Barnett and Wurman argue that birthright citizenship hinges on allegiance, asserting that the parents’ illegal entry negates any such allegiance. Desai counters this “allegiance-as-obedience” theory by pointing to the 1867 congressional debate over stripping Confederate rebels of their citizenship. Despite their treasonous acts, Congress ultimately rejected proposals to revoke their citizenship, demonstrating that obedience wasn’t a prerequisite for birthright citizenship. Key figures like Congressman John Bingham explicitly argued that even rebellious acts did not remove one’s status as a citizen subject to U.S. jurisdiction.

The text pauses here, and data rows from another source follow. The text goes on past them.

(* Let $n\ge 2$, let $\Delta_n^\circ=\{\mathbf{s}\in\mathbb{R}^n: s_i>0 \text{ for all } i,\ \sum_i s_i=1\}$, let $\partial\Delta_n=\{\mathbf{s}\in\mathbb{R}^n: s_i\ge 0\ \forall i,\ \sum_i s_i=1,\ s_i=0\text{ for some } i\}$, and for $\mathbf{s}\in\mathbb{R}^n$ let $M(\mathbf{s})=\operatorname{Diag}(\mathbf{s})-\mathbf{s}\mathbf{s}^\top$. Let $\sigma_1:\mathbb{R}^n\to\Delta_n^\circ$ be the softmax map $\sigma_1(\mathbf{x})_i=e^{x_i}/\sum_{j}e^{x_j}$, whose Jacobian at $\mathbf{x}$ is $J_{\sigma_1}(\mathbf{x})=M(\sigma_1(\mathbf{x}))$, so that $\sup_{\mathbf{x}\in\mathbb{R}^n}\|J_{\sigma_1}(\mathbf{x})\|_p=\sup_{\mathbf{s}\in\Delta_n^\circ}\|M(\mathbf{s})\|_p$. (a) For $p=1$ or $p=\infty$, this supremum equals $1/2$ and is attained at a point of $\Delta_n^\circ$; in particular, for $\mathbf{x}=(\ln(n-1),0,\dots,0)\in\mathbb{R}^n$, the point $\mathbf{s}=\sigma_1(\mathbf{x})$ lies in $\Delta_n^\circ$ and $\|M(\mathbf{s})\|_p=1/2$. (b) For $p\in(1,\infty)$, the supremum again equals $1/2$. If $n>2$, it is not attained in $\Delta_n^\circ$ (i.e. $\|M(\mathbf{s})\|_p<1/2$ for every $\mathbf{s}\in\Delta_n^\circ$), and there exists a sequence $(\mathbf{s}_k)_{k\ge1}\subset\Delta_n^\circ$ converging to a point of $\partial\Delta_n$, with $\mathbf{s}_k=\sigma_1(\mathbf{x}_k)$ for some $\mathbf{x}_k\in\mathbb{R}^n$, such that $\lim_{k\to\infty}\|M(\mathbf{s}_k)\|_p=1/2$. If $n=2$, the supremum $1/2$ is attained at a point of $\Delta_2^\circ$.
   Context: For $p\in[1,\infty)$, $\|\mathbf{x}\|_p=(\sum_i|x_i|^p)^{1/p}$ and $\|\mathbf{x}\|_\infty=\max_i|x_i|$; for a square matrix $A$, $\|A\|_p=\sup_{\mathbf{v}\ne0}\|A\mathbf{v}\|_p/\|\mathbf{v}\|_p$ is the induced operator norm. $\operatorname{Diag}(\mathbf{s})$ is the diagonal matrix with diagonal $\mathbf{s}$. *)

From HB Require Import structures.
From mathcomp Require Import all_boot all_order all_algebra.
From mathcomp Require Import all_classical all_reals all_analysis.
Set Implicit Arguments. Unset Strict Implicit. Unset Printing Implicit Defensive.
Import Order.TTheory GRing.Theory Num.Theory.
Import numFieldNormedType.Exports.
Local Open Scope classical_set_scope.
Local Open Scope ring_scope.

(* Vector p-norm, p in [1, +oo] given as an extended real:
   finite p : (sum_i |x_i|^p)^(1/p);  p = +oo : max_i |x_i|.
   (The value at -oo is irrelevant and set to 0.) *)
Definition pnorm {R : realType} {n : nat} (p : \bar R) (v : 'cV[R]_n) : R :=
  match p with
  | EFin q => (\sum_i `|v i 0| `^ q) `^ (q^-1)
  | +oo%E => \big[Num.max/0]_i `|v i 0|
  | -oo%E => 0
  end.

Definition opnorm {R : realType} {n : nat} (p : \bar R) (A : 'M[R]_n) : R :=
  sup [set pnorm p (A *m v) / pnorm p v | v in [set v : 'cV[R]_n | v != 0]].

Definition Mmat {R : realType} {n : nat} (s : 'cV[R]_n) : 'M[R]_n :=
  diag_mx (s^T) - s *m s^T.

Definition softmax {R : realType} {n : nat} (x : 'cV[R]_n) : 'cV[R]_n :=
  \col_i (expR (x i 0) / \sum_j expR (x j 0)).
Lemma liana_compatible_gl :
  liana_compatible gd (ffun_cat q qh) =
  liana_compatible dec q && liana_compatible dech qh.
Proof.
apply/forallP/andP => [compat|[/forallP cq /forallP cqh] k].
  split; apply/forallP => v; apply/forallP => w.
    by have := forallP (compat (lshift nh v)) (lshift nh w);
      rewrite !gl_dec_lshift !ffun_cat_lshift.
  have := forallP (compat (@rshift n nh v)) (@rshift n nh w).
  rewrite !ffun_cat_rshift gl_dec_rshift_eq0.
  by case: (eqVneq (dech v) 0%N) => // dv0; rewrite gl_dec_rshift_eq.
apply/forallP => k'; case: (split_ordP k) => v ->; case: (split_ordP k') => w ->.
- by rewrite !gl_dec_lshift !ffun_cat_lshift; exact: forallP (cq v) w.
- rewrite gl_dec_lshift; apply/implyP => /andP[dv0 /eqP dvw].
  have dw0 : dech w != 0%N by rewrite -gl_dec_rshift_eq0 -dvw.
  by have := gl_dec_lt v dw0; rewrite -dvw ltnn.
- rewrite gl_dec_lshift gl_dec_rshift_eq0; apply/implyP => /andP[dv0 /eqP dvw].
  by have := gl_dec_lt w dv0; rewrite dvw ltnn.
- rewrite !ffun_cat_rshift gl_dec_rshift_eq0.
  case: (eqVneq (dech v) 0%N) => //= dv0; rewrite gl_dec_rshift_eq //.
  by have := forallP (cqh v) w; rewrite dv0.
Qed.

End GraftedDecoration.

Section ExoticOperators.
Variables (R : realType) (d m : nat) (f : 'I_m.+1 -> 'I_d -> 'rV[R]_d -> R).
Hypothesis df : forall p i, infinitely_derivable (f p i).
Variables (n : nat) (par : 'I_n -> option 'I_n) (dec : 'I_n -> nat).
Variables (nh : nat) (parh : 'I_nh -> option 'I_nh) (dech : 'I_nh -> nat).
Variable phi : 'rV[R]_d -> R.
Hypothesis dphi : infinitely_derivable phi.

Definition grafted_term (i : {ffun 'I_n -> 'I_d}) (ih : {ffun 'I_nh -> 'I_d})
    (qh : {ffun 'I_nh -> 'I_m}) (g : {ffun 'I_n -> option 'I_nh}) x : R :=
  dpartial ([seq i r | r <- Defs.roots par & g r == None] ++
            [seq ih r | r <- Defs.roots parh]) phi x *
  \prod_w dpartial ([seq i r | r <- Defs.roots par & g r == Some w] ++
                    [seq ih u | u <- preds parh w]) (f (pval dech qh w) (ih w)) x.

Lemma dpartial_roots_Fexo (i : {ffun 'I_n -> 'I_d}) x :
  dpartial [seq i r | r <- Defs.roots par] (Fexo f parh dech phi) x =
  \sum_(ih : {ffun 'I_nh -> 'I_d}) \sum_(qh | liana_compatible dech qh)
    \sum_(g | root_map par g) grafted_term i ih qh g x.
Proof.
rewrite /Fexo dpartial_big_sum => [|ih]; last first.
  by apply: infinitely_derivable_big_sum => qh; exact: infinitely_derivable_monomial.
apply: eq_bigr => ih _.
rewrite dpartial_big_sum => [|qh]; last exact: infinitely_derivable_monomial.
apply: eq_bigr => qh _.
pose Fo (o : option 'I_nh) := if o is Some w
  then dpartial [seq ih u | u <- preds parh w] (f (pval dech qh w) (ih w))
  else dpartial [seq ih r | r <- Defs.roots parh] phi.
have dFo o : infinitely_derivable (Fo o).
  by case: o => [w|]; exact: infinitely_derivable_dpartial.
rewrite (_ : (fun y => _ * _) = fun y => \prod_o Fo o y); last first.
  by apply: funext => y; rewrite big_option.
rewrite (dpartial_big_prod None i dFo x (filter_uniq _ (enum_uniq _))).
apply: eq_big => [g|g _]; first by rewrite root_mapE.
rewrite big_option /grafted_term dpartial_cat; congr (_ * _).
by apply: eq_bigr => w _; rewrite dpartial_cat.
Qed.

Lemma Fexo_gl_par (g : {ffun 'I_n -> option 'I_nh}) x :
  Fexo f (gl_par par parh g) (gl_dec dec dech) phi x =
  \sum_(i : {ffun 'I_n -> 'I_d}) \sum_(ih : {ffun 'I_nh -> 'I_d})
  \sum_(q | liana_compatible dec q) \sum_(qh | liana_compatible dech qh)
    \prod_v dpartial [seq i u | u <- preds par v] (f (pval dec q v) (i v)) x *
    grafted_term i ih qh g x.
Proof.
rewrite /Fexo big_ffun_cat; apply: eq_bigr => i _; apply: eq_bigr => ih _.
rewrite big_ffun_cat [RHS]big_mkcond; apply: eq_bigr => q _.
rewrite (eq_bigl _ _ (liana_compatible_gl dec dech q)).
case: (liana_compatible dec q); last by rewrite big_pred0.
apply: eq_bigr => qh _.
rewrite roots_gl_par map_cat map_ffun_cat_lshift map_ffun_cat_rshift big_split_ord.
rewrite /grafted_term mulrCA; congr (_ * (_ * _)); apply: eq_bigr => k _.
  by rewrite preds_gl_par_lshift map_ffun_cat_lshift pval_gl_lshift ffun_cat_lshift.
rewrite preds_gl_par_rshift map_cat map_ffun_cat_lshift map_ffun_cat_rshift.
by rewrite pval_gl_rshift ffun_cat_rshift.
Qed.

End ExoticOperators.

Theorem mainTheorem5 (R : realType) (d m : nat) (hd : (1 <= d)%N) (hm : (1 <= m)%N)
  (f : 'I_m.+1 -> 'I_d -> 'rV[R]_d -> R)
  (hf : forall p i, smooth (f p i))
  (n : nat) (par : 'I_n -> option 'I_n) (dec : 'I_n -> nat)
  (hpar : is_forest par) (hdec : exotic_dec dec)
  (nh : nat) (parh : 'I_nh -> option 'I_nh) (dech : 'I_nh -> nat)
  (hparh : is_forest parh) (hdech : exotic_dec dech)
  (phi : 'rV[R]_d -> R) (hphi : smoothP phi) (x : 'rV[R]_d) :
  Fexo f par dec (Fexo f parh dech phi) x =
  \sum_(g : {ffun 'I_n -> option 'I_nh} | root_map par g)
    Fexo f (gl_par par parh g) (gl_dec dec dech) phi x.
Proof.
have df p i := smooth_infinitely_derivable (hf p i).
have dphi := smooth_infinitely_derivable hphi.1.
under [RHS]eq_bigr => g _ do rewrite Fexo_gl_par.
(* bring both sides to the summation order i, q, ih, qh, g *)
rewrite [RHS]exchange_big /Fexo; apply: eq_bigr => i _.
rewrite [RHS]exchange_big.
under [RHS]eq_bigr => ih _ do rewrite exchange_big.
under [RHS]eq_bigr => ih _ do under eq_bigr => q _ do rewrite exchange_big.
rewrite [RHS]exchange_big; apply: eq_bigr => q _.
rewrite (dpartial_roots_Fexo df _ _ _ dphi) mulr_suml; apply: eq_bigr => ih _.
rewrite mulr_suml; apply: eq_bigr => qh _.
by rewrite mulr_suml; apply: eq_bigr => g _; rewrite mulrC.
Qed.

Desai’s analysis highlights the hypocrisy of applying a stricter standard to undocumented immigrants than to Confederate rebels, arguing that if the latter retained citizenship despite rebellion, then the children of undocumented immigrants, who are legally innocent, should undeniably possess birthright citizenship. The historical precedent, Desai and Calabresi contend, soundly refutes the argument that parental actions can negate a child’s birthright citizenship. The debate underscores the ongoing legal and political complexities surrounding birthright citizenship in the United States.